◆ Dataset content
(* Writing n = N b^J + X with N the block index and X a J-digit string,
   1/n = b^-J / (N + X/b^J). *)
Lemma block_term J N :
  rsum (b ^ J) (fun X => if (b ^ (l - 1 + J) <=? N * b ^ J + X)%nat
                         then Hterm b d k (N * b ^ J + X) else 0)
  = if in_block N then mu_layer b d (k - kdig b d N) (fun x => / (INR N + x)) J else 0.
Proof.
  assert (HJ : (0 < b ^ J)%nat) by (apply Nat.neq_0_lt_0, Nat.pow_nonzero; lia).
  rewrite Nat.pow_add_r.
  destruct (Nat.leb_spec (b ^ (l - 1)) N) as [HN|HN]; cbn [andb].
  - assert (HN1 : (1 <= N)%nat) by (pose proof (Nat.pow_nonzero b (l - 1)); lia).
    assert (Hge : forall X, (b ^ (l - 1) * b ^ J <=? N * b ^ J + X)%nat = true)
      by (intros; apply Nat.leb_le; nia).
    destruct (Nat.leb_spec (kdig b d N) k) as [Hk|Hk].
    + apply rsum_ext; intros X HX; rewrite Hge; unfold Hterm.
      rewrite kdig_concat by (auto; lia).
      replace (1 <=? N * b ^ J + X)%nat with true by (symmetry; apply Nat.leb_le; nia); cbn [andb].
      destruct (Nat.eqb_spec (kdig b d N + cnt_len b d J X) k);
        destruct (Nat.eqb_spec (cnt_len b d J X) (k - kdig b d N)); try lia; [|reflexivity].
      rewrite plus_INR, mult_INR; pose proof (INR_pow_pos b Hb J); pose proof (pos_INR X).
      assert (1 <= INR N) by (apply (le_INR 1); auto).
      field; split; [lra|nra].
    + rewrite <- (rsum_zero (b ^ J)); apply rsum_ext; intros X HX; rewrite Hge; unfold Hterm.
      rewrite kdig_concat by (auto; lia).
      destruct (Nat.eqb_spec (kdig b d N + cnt_len b d J X) k); [lia|].
      now rewrite Bool.andb_false_r.
  - transitivity (rsum (b ^ J) (fun _ => 0)); [apply rsum_ext; intros X HX|apply rsum_zero].
    replace (_ <=? _)%nat with false by (symmetry; apply Nat.leb_gt; nia); reflexivity.
Qed.

Hypothesis Hl : (1 <= l)%nat.

Lemma Hterm_partial_blocks J :
  rsum (b ^ (l - 1 + J)) (Hterm b d k) = low_part b d k l +
  rsum J (fun j => block_sum b d k l
                     (fun N => mu_layer b d (k - kdig b d N) (fun x => / (INR N + x)) j)).
Proof.
  induction J as [|J IH]; [now rewrite Nat.add_0_r, Rplus_0_r|].
  rewrite rsum_S, <- Rplus_assoc, <- IH, (rsum_split (b ^ (l - 1 + J)))
    by (apply Nat.pow_le_mono_r; lia).
  apply Rplus_eq_compat_l.
  replace (l - 1 + S J)%nat with (l + J)%nat by lia.
  rewrite Nat.pow_add_r, rsum_mul; apply rsum_ext; intros N _; apply block_term.
Qed.

Hypothesis Hd : (d < b)%nat.

Lemma H_series :
  is_series (Hterm b d k) (low_part b d k l + block_sum b d k l (block_integral b d k)).
Proof.
  apply is_series_rsum_partial.
  apply (is_lim_seq_incr_subseq _ (fun J => b ^ (l - 1 + J))%nat).
  - intros n; rewrite rsum_S; pose proof (Hterm_nonneg b d k n); lra.
  - intros J; apply Nat.pow_lt_mono_r; lia.
  - apply (is_lim_seq_ext _ _ _ (fun J => eq_sym (Hterm_partial_blocks J))).
    apply is_lim_seq_plus'; [apply is_lim_seq_const|].
    apply is_series_rsum_partial, is_series_block_sum; intros N HN.
    apply Series_correct, mu_ex_inv_shift; auto; apply (le_INR 1); auto.
Qed.

Lemma tail_u_series : is_series (fun m => tail_u b d k l (S m))
  (block_sum b d k l (fun N => block_integral b d k N - INR b / INR N)).
Proof.
  apply (is_series_ext _ _ _ (fun m => block_sum_scal ((-1) ^ S m)
    (fun N => u_mom b d (k - kdig b d N) (S m) / INR N ^ (S m + 1)))).
  apply (is_series_block_sum
    (fun m N => (-1) ^ S m * (u_mom b d (k - kdig b d N) (S m) / INR N ^ (S m + 1)))).
  intros N HN; now apply prefix_series_u.
Qed.

Lemma tail_v_series : is_series (fun m => tail_v b d k l (S m))
  (block_sum b d k l (fun N => block_integral b d k N - INR b / INR (N + 1))).
Proof.
  apply (is_series_block_sum
    (fun m N => v_mom b d (k - kdig b d N) (S m) / INR (N + 1) ^ (S m + 1))).
  intros N HN; now apply prefix_series_v.
Qed.

End Blocks.

Theorem mainTheorem8 (b d k l : nat) :
  (2 <= b)%nat -> (d < b)%nat -> (1 <= l)%nat ->
  ex_series (Hterm b d k) /\
  (ex_series (fun m => tail_u b d k l (S m)) /\
   H b d k = low_part b d k l
             + INR b * block_sum b d k l (fun n => / INR n)
             + Series (fun m => tail_u b d k l (S m))) /\
  (ex_series (fun m => tail_v b d k l (S m)) /\
   H b d k = low_part b d k l
             + INR b * block_sum b d k l (fun n => / INR (n + 1))
             + Series (fun m => tail_v b d k l (S m))).
Proof.
  intros Hb Hd Hl.
  pose proof (H_series b d k l Hb Hl Hd) as HS.
  pose proof (tail_u_series b d k l Hb Hd) as TU.
  pose proof (tail_v_series b d k l Hb Hd) as TV.
  assert (HH : H b d k = low_part b d k l + block_sum b d k l (block_integral b d k))
    by exact (is_series_unique _ _ HS).
  split; [eexists; exact HS|split; split].
  - eexists; exact TU.
  - rewrite (is_series_unique _ _ TU), HH, <- block_sum_scal, Rplus_assoc, <- block_sum_plus.
    f_equal; apply block_sum_ext; intros N; unfold Rdiv; ring.
  - eexists; exact TV.
  - rewrite (is_series_unique _ _ TV), HH, <- block_sum_scal, Rplus_assoc, <- block_sum_plus.
    f_equal; apply block_sum_ext; intros N; unfold Rdiv; ring.
Qed.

◆ Work instruction
For the material above, reproduce exactly the lines from the line with "pose proof (tail_v_series" to the line with "- eexists; exact TV.", inclusive, and exclude all others.

◆ Answer section
  pose proof (tail_v_series b d k l Hb Hd) as TV.
  assert (HH : H b d k = low_part b d k l + block_sum b d k l (block_integral b d k))
    by exact (is_series_unique _ _ HS).
  split; [eexists; exact HS|split; split].
  - eexists; exact TU.
  - rewrite (is_series_unique _ _ TU), HH, <- block_sum_scal, Rplus_assoc, <- block_sum_plus.
    f_equal; apply block_sum_ext; intros N; unfold Rdiv; ring.
  - eexists; exact TV.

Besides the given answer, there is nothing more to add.